Saved entries

===

(* (U, H, X^-, X^+) is the universal enveloping algebra U(sl2): the
   initial k-algebra with three elements satisfying the sl2 relations *)
Definition is_Usl2 (U : algType k) (H Xm Xp : U) : Prop :=
  sl2_rel H Xm Xp /\
  forall (B : algType k) (bH bm bp : B), sl2_rel bH bm bp ->
    exists f : U -> B,
      [/\ alg_hom f, f H = bH, f Xm = bm, f Xp = bp &
          forall f' : U -> B, alg_hom f' -> f' H = bH -> f' Xm = bm ->
            f' Xp = bp -> f' =1 f].

Definition formal_deformation (U : algType k) (HU XmU XpU : U)
    (A : nzRingType) (act : (nat -> k) -> A -> A) (HA XmA XpA : A) : Prop :=
  [/\ kh_algebra act, top_free act, a_rel HA XmA XpA &
      (* A/hA = U as a-algebras, via the projection pi with kernel hA *)
      exists pi : A -> U,
        [/\ [/\ {morph pi : x y / x + y}, {morph pi : x y / x * y}, pi 1 = 1
              & forall c a, pi (act (ps_cst c) a) = c *: pi a],
            forall u, exists a, pi a = u,
            forall a, pi a = 0 <-> in_hA act a
          & [/\ pi HA = HU, pi XmA = XmU & pi XpA = XpU]]].

Definition kh_alg_iso (U : algType k) (A : nzRingType)
    (act : (nat -> k) -> A -> A) (g : (nat -> U) -> A) : Prop :=
  [/\ bijective g,
      {morph g : f f' / ser_add f f' >-> f + f'},
      {morph g : f f' / ser_mul f f' >-> f * f'},
      g (ser_cst 1) = 1 &
      forall s f, g (ser_act s f) = act s (g f)].

(* gbar : U(sl2) -> A/hA, u |-> class of g(u), is an isomorphism of
   a-algebras (bijective, and sending H, X^-, X^+ to the classes of the
   structural elements; multiplicativity is inherited from g) *)
Definition bar_a_iso (U : algType k) (HU XmU XpU : U) (A : nzRingType)
    (act : (nat -> k) -> A -> A) (HA XmA XpA : A) (g : (nat -> U) -> A) : Prop :=
  [/\ forall u v, in_hA act (g (ser_cst u) - g (ser_cst v)) -> u = v,
      forall a, exists u, in_hA act (a - g (ser_cst u)),
      in_hA act (g (ser_cst HU) - HA),
      in_hA act (g (ser_cst XmU) - XmA) &
      in_hA act (g (ser_cst XpU) - XpA)].

Definition h_trivializing (U : algType k) (HU XmU XpU : U) (A : nzRingType)
    (act : (nat -> k) -> A -> A) (HA XmA XpA : A) (g : (nat -> U) -> A) : Prop :=
  [/\ kh_alg_iso act g, g (ser_cst HU) = HA
    & bar_a_iso HU XmU XpU act HA XmA XpA g].

Definition b_trivializing (U : algType k) (HU XmU XpU : U) (A : nzRingType)
    (act : (nat -> k) -> A -> A) (HA XmA XpA : A) (g : (nat -> U) -> A) : Prop :=
  [/\ kh_alg_iso act g, g (ser_cst HU) = HA, g (ser_cst XmU) = XmA
    & bar_a_iso HU XmU XpU act HA XmA XpA g].

End Series.

(* Write the structural X^- of A as g(x) for the given h-trivialization g.  Each
   coefficient of x has ad H-weight -2 and x_0 = X^-; in U(sl2) a vector of weight -2
   factors as X^- q with q in the subalgebra generated by H and X^+ X^-, so x = X^- alpha
   with alpha = 1 mod h and commuting with H.  Twisting X^+ by the inverse of g(alpha),
   the images H, X^- and g(alpha)^-1 g(X^+) satisfy the sl2 relations in A; the induced
   algebra map U(sl2) -> A is the identity mod h, and its k[[h]]-linear extension to
   U(sl2)[[h]] is the required isomorphism.  Two such isomorphisms agree on H and X^-,
   so the difference of their values on X^+ is, coefficientwise, a vector of weight 2
   killed by ad X^-; as ad X^+ is locally nilpotent on U(sl2), it vanishes. *)

From HB Require Import structures.
From mathcomp Require Import all_boot all_order all_algebra zify.
From Stdlib Require Import ClassicalEpsilon FunctionalExtensionality.
Set Implicit Arguments. Unset Strict Implicit. Unset Printing Implicit Defensive.
Import GRing.Theory.
Local Open Scope ring_scope.

Definition br (R : nzRingType) (a b : R) := a * b - b * a.

Section Bracket.
Variable R : nzRingType.
Implicit Types a b x y : R.

Lemma brDr a x y : br a (x + y) = br a x + br a y.
Proof. by rewrite /br mulrDr mulrDl opprD addrACA. Qed.

Lemma brNr a x : br a (- x) = - br a x.
Proof. by rewrite /br mulrN mulNr opprK opprB addrC. Qed.

Lemma brBr a x y : br a (x - y) = br a x - br a y.
Proof. by rewrite brDr brNr. Qed.

Lemma br0r a : br a 0 = 0.
Proof. by rewrite /br mulr0 mul0r subrr. Qed.

Lemma brMnr a x n : br a (x *+ n) = br a x *+ n.
Proof. by elim: n => [|n IH]; rewrite ?br0r // !mulrSr brDr IH. Qed.

Lemma brMr a x y : br a (x * y) = br a x * y + x * br a y.
Proof. by rewrite /br mulrBl mulrBr !mulrA subrKA. Qed.

Lemma br_anti a b : br a b = - br b a.
Proof. by rewrite /br opprB. Qed.

Lemma brDl a b x : br (a + b) x = br a x + br b x.
Proof. by rewrite !(br_anti _ x) brDr opprD. Qed.

Lemma brNl a x : br (- a) x = - br a x.
Proof. by rewrite !(br_anti _ x) brNr. Qed.

Lemma br0l x : br 0 x = 0.
Proof. by rewrite br_anti br0r oppr0. Qed.

Lemma brMnl a x n : br (a *+ n) x = br a x *+ n.
Proof. by elim: n => [|n IH]; rewrite ?br0l // !mulrSr brDl IH. Qed.

Lemma br_eq0 a b : (br a b == 0) = (a * b == b * a).
Proof. exact: subr_eq0. Qed.

Lemma br_jacobi a b x : br a (br b x) = br b (br a x) + br (br a b) x.
Proof.
rewrite [br b x]/br brBr !brMr /br.
set p := (a * b - b * a) * x; set q := b * (a * x - x * a).
set r := (a * x - x * a) * b; set s := x * (a * b - b * a).
by rewrite opprD (addrC p) addrACA.
Qed.

End Bracket.

Lemma brZr (k : fieldType) (R : algType k) (a x : R) (c : k) :
  br a (c *: x) = c *: br a x.
Proof. by rewrite /br scalerBr scalerAr scalerAl. Qed.

Section Char0.
Variable k : fieldType.
Hypothesis char0 : [pchar k] =i pred0.

Lemma char0_mulrn_eq0 (V : lmodType k) (x : V) n :
  (0 < n)%N -> x *+ n = 0 -> x = 0.
Proof.
move=> n_gt0; rewrite -scaler_nat => /eqP; rewrite scaler_eq0 => /orP[|/eqP //].
by rewrite ((pcharf0P _).1 char0) eqn0Ngt n_gt0.
Qed.

Lemma char0_intr_neq0 (n : int) : n != 0 -> (n%:~R : k) != 0.
Proof.
have natr_eq0 m : (m%:R : k) = 0 -> m = 0%N.
  by move=> /eqP; rewrite ((pcharf0P _).1 char0) => /eqP.
case: n => m nz; apply/eqP.
- by move/natr_eq0 => m0; rewrite m0 in nz.
- by rewrite NegzE intrN => /eqP; rewrite oppr_eq0 => /eqP /natr_eq0.
Qed.

End Char0.

(** * Generated subalgebras and the universal property of U(sl2) *)

Section GeneratedSubalgebra.
Variables (k : fieldType) (U : algType k).

Inductive gen_alg (S : U -> Prop) : U -> Prop :=
| gen_base x : S x -> gen_alg S x
| gen1 : gen_alg S 1
| genD x y : gen_alg S x -> gen_alg S y -> gen_alg S (x + y)
| genM x y : gen_alg S x -> gen_alg S y -> gen_alg S (x * y)
| genZ (c : k) x : gen_alg S x -> gen_alg S (c *: x).

Variable S : U -> Prop.

Lemma gen0 : gen_alg S 0.
Proof. by rewrite -(scale0r 1); apply/genZ/gen1. Qed.

Lemma genB x y : gen_alg S x -> gen_alg S y -> gen_alg S (x - y).
Proof. by move=> Sx Sy; apply: genD => //; rewrite -scaleN1r; apply: genZ. Qed.

Lemma gen_natr n : gen_alg S n%:R.
Proof. by rewrite -scaler_nat; apply/genZ/gen1. Qed.

Lemma gen_comm :
  (forall a b, S a -> S b -> a * b = b * a) ->
  forall x y, gen_alg S x -> gen_alg S y -> x * y = y * x.
Proof.
move=> commS.
have commSr y : gen_alg S y -> forall a, S a -> a * y = y * a.
  elim=> [x Sx||x z _ IHx _ IHz|x z _ IHx _ IHz|c x _ IHx] a Sa.
  - exact: commS.
  - by rewrite mulr1 mul1r.
  - by rewrite mulrDr mulrDl IHx ?IHz.
  - by rewrite mulrA IHx // -!mulrA IHz.
  - by rewrite -scalerAl -scalerAr IHx.
move=> x y Sx; elim: Sx y => [x0 Sx||x0 z _ IHx _ IHz|x0 z _ IHx _ IHz|c x0 _ IHx] y Sy.
- by rewrite commSr.
- by rewrite mulr1 mul1r.
- by rewrite mulrDr mulrDl IHx ?IHz.
- by rewrite -mulrA IHz // !mulrA IHx.
- by rewrite -scalerAl -scalerAr IHx.
Qed.

Lemma gen_mul_swap x :
  (forall s, S s -> exists2 s', gen_alg S s' & s * x = x * s') ->
  forall q, gen_alg S q -> exists2 q', gen_alg S q' & q * x = x * q'.
Proof.
move=> swapS q; elim=> [s Ss||a b _ [a' Sa' ea] _ [b' Sb' eb]
  |a b _ [a' Sa' ea] _ [b' Sb' eb]|c a _ [a' Sa' ea]].
- exact: swapS.
- by exists 1; [exact: gen1 | rewrite mulr1 mul1r].
- by exists (a' + b'); [exact: genD | rewrite mulrDl mulrDr ea eb].
- by exists (a' * b'); [exact: genM | rewrite -mulrA eb mulrA ea mulrA].
- by exists (c *: a'); [exact: genZ | rewrite -scalerAl ea scalerAr].
Qed.

Lemma gen_mul_swapX x n :
  (forall s, S s -> exists2 s', gen_alg S s' & s * x = x * s') ->
  forall q, gen_alg S q -> exists2 q', gen_alg S q' & q * x ^+ n = x ^+ n * q'.
Proof.
move=> swapS; elim: n => [|n IHn] q Sq; first by exists q; rewrite ?expr0 ?mulr1 ?mul1r.
have [q1 Sq1 e1] := IHn q Sq; have [q2 Sq2 e2] := gen_mul_swap swapS Sq1.
by exists q2 => //; rewrite exprSr mulrA e1 -mulrA e2 mulrA.
Qed.

End GeneratedSubalgebra.

Definition in_gen (k : fieldType) (U : algType k) (S : U -> Prop) (u : U) : bool :=
  if excluded_middle_informative (gen_alg S u) then true else false.

Lemma in_genP (k : fieldType) (U : algType k) (S : U -> Prop) u :
  reflect (gen_alg S u) (in_gen S u).
Proof. by rewrite /in_gen; case: excluded_middle_informative => h; constructor. Qed.

Lemma in_gen_subalg_closed (k : fieldType) (U : algType k) (S : U -> Prop) :
  subalg_closed (in_gen S).
Proof.
split; first by rewrite unfold_in; apply/in_genP/gen1.
- move=> c x y; rewrite !unfold_in => /in_genP Sx /in_genP Sy.
  by apply/in_genP/genD => //; apply: genZ.
- by move=> x y; rewrite !unfold_in => /in_genP Sx /in_genP Sy; apply/in_genP/genM.
Qed.

HB.instance Definition _ (k : fieldType) (U : algType k) (S : U -> Prop) :=
  GRing.isSubalgClosed.Build k U (in_gen S)
    (GRing.subalg_closed_semi (in_gen_subalg_closed S)).

Definition gen_subalg (k : fieldType) (U : algType k) (S : U -> Prop) :=
  {u : U | in_gen S u}.
HB.instance Definition _ (k : fieldType) (U : algType k) (S : U -> Prop) :=
  [isSub for (@sval U (in_gen S)) : gen_subalg S -> U].
HB.instance Definition _ (k : fieldType) (U : algType k) (S : U -> Prop) :=
  [Choice of gen_subalg S by <:].
HB.instance Definition _ (k : fieldType) (U : algType k) (S : U -> Prop) :=
  [SubChoice_isSubAlgebra of gen_subalg S by <:].

Section AlgHom.
Variables (k : fieldType) (U B : algType k) (f : U -> B).
Hypothesis hf : alg_hom f.

Lemma alg_hom0 : f 0 = 0.
Proof. by case: hf => fD _ _ _; apply: (@addrI _ (f 0)); rewrite -fD !addr0. Qed.

Lemma alg_homN x : f (- x) = - f x.
Proof. by case: hf => fD _ _ _; apply: (@addrI _ (f x)); rewrite -fD !subrr alg_hom0. Qed.

Lemma alg_homMn x n : f (x *+ n) = f x *+ n.
Proof.
case: hf => fD _ _ _.
by elim: n => [|n IHn]; rewrite ?mulr0n ?alg_hom0 // !mulrS fD IHn.
Qed.

Lemma alg_hom_br x y : f (br x y) = br (f x) (f y).
Proof. by case: hf => fD fM _ _; rewrite /br fD alg_homN !fM. Qed.

End AlgHom.

Section UniversalProperty.
Variables (k : fieldType) (U : algType k) (H F E : U).
Hypothesis hU : is_Usl2 H F E.

Lemma alg_hom_sl2_rel (B : algType k) (f : U -> B) :
  alg_hom f -> sl2_rel (f H) (f F) (f E).
Proof.
have [[r1 r2 r3] _] := hU => hf.
by split; [move: r1 | move: r2 | move: r3] => /(congr1 f);
  rewrite (alg_hom_br hf) ?(alg_homN hf) ?(alg_homMn hf).
Qed.

Lemma Usl2_hom_eq (B : algType k) (f f' : U -> B) :
  alg_hom f -> alg_hom f' -> f H = f' H -> f F = f' F -> f E = f' E -> f =1 f'.
Proof.
move=> hf hf' eH eF eE u.
have [_ /(_ _ _ _ _ (alg_hom_sl2_rel hf)) [f0 [_ _ _ _ uniq]]] := hU.
by rewrite (uniq f) // (uniq f').
Qed.

Lemma alg_hom_id : alg_hom (@id U).
Proof. by split. Qed.

Lemma Usl2_gen u : gen_alg (fun x => [\/ x = H, x = F | x = E]) u.
Proof.
set S := fun x => _.
have inS x : gen_alg S x -> in_gen S x by move=> Sx; apply/in_genP.
pose sub x (Sx : S x) : gen_subalg S := exist _ x (inS x (gen_base Sx)).
pose tH := sub H (Or31 _ _ erefl); pose tF := sub F (Or32 _ _ erefl).
pose tE := sub E (Or33 _ _ erefl).
have [[r1 r2 r3] univ] := hU.
have rel : sl2_rel tH tF tE by split; apply: val_inj.
have [f [[fD fM f1 fZ] fH fF fE _]] := univ _ _ _ _ rel.
have hvalf : alg_hom (fun x => val (f x)).
  by split=> [x y|x y||c x]; rewrite ?fD ?fM ?f1 ?fZ ?rmorphD ?rmorphM ?rmorph1.
have <- : val (f u) = u.
  by apply: (Usl2_hom_eq hvalf alg_hom_id); rewrite ?fH ?fF ?fE.
exact/in_genP/(valP (f u)).
Qed.

Lemma Usl2_ind (P : U -> Prop) :
  P 1 -> (forall x y, P x -> P y -> P (x + y)) ->
  (forall x y, P x -> P y -> P (x * y)) -> (forall c x, P x -> P (c *: x)) ->
  P H -> P F -> P E -> forall u, P u.
Proof.
move=> P1 PD PM PZ PH PF PE u.
by elim: (Usl2_gen u) => [x [] ->||x y _ Px _ Py|x y _ Px _ Py|c x _ Px]; auto.
Qed.

Lemma brHE : br H E = E *+ 2. Proof. by case: hU => -[]. Qed.
Lemma brHF : br H F = - (F *+ 2). Proof. by case: hU => -[]. Qed.
Lemma brEF : br E F = H. Proof. by case: hU => -[]. Qed.

End UniversalProperty.

(** * Weights in the adjoint representation of U(sl2) *)

Section IteratedBracket.
Variables (k : fieldType) (R : algType k) (a : R).

Lemma iter_brDr n x y : iter n (br a) (x + y) = iter n (br a) x + iter n (br a) y.
Proof. by elim: n => //= n ->; rewrite brDr. Qed.

Lemma iter_br0r n : iter n (br a) 0 = 0.
Proof. by elim: n => //= n ->; rewrite br0r. Qed.

Lemma iter_brZr n (c : k) x : iter n (br a) (c *: x) = c *: iter n (br a) x.
Proof. by elim: n => //= n ->; rewrite brZr. Qed.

===

• **Exercise brief**:
The output should be exactly the lines above from the line containing "Lemma char0_intr_neq0 (n" to the line containing "Section GeneratedSubalgebra.", inclusive, with no other lines.

• **Result of this exercise**:
Lemma char0_intr_neq0 (n : int) : n != 0 -> (n%:~R : k) != 0.
Proof.
have natr_eq0 m : (m%:R : k) = 0 -> m = 0%N.
  by move=> /eqP; rewrite ((pcharf0P _).1 char0) => /eqP.
case: n => m nz; apply/eqP.
- by move/natr_eq0 => m0; rewrite m0 in nz.
- by rewrite NegzE intrN => /eqP; rewrite oppr_eq0 => /eqP /natr_eq0.
Qed.

End Char0.

(** * Generated subalgebras and the universal property of U(sl2) *)

Section GeneratedSubalgebra.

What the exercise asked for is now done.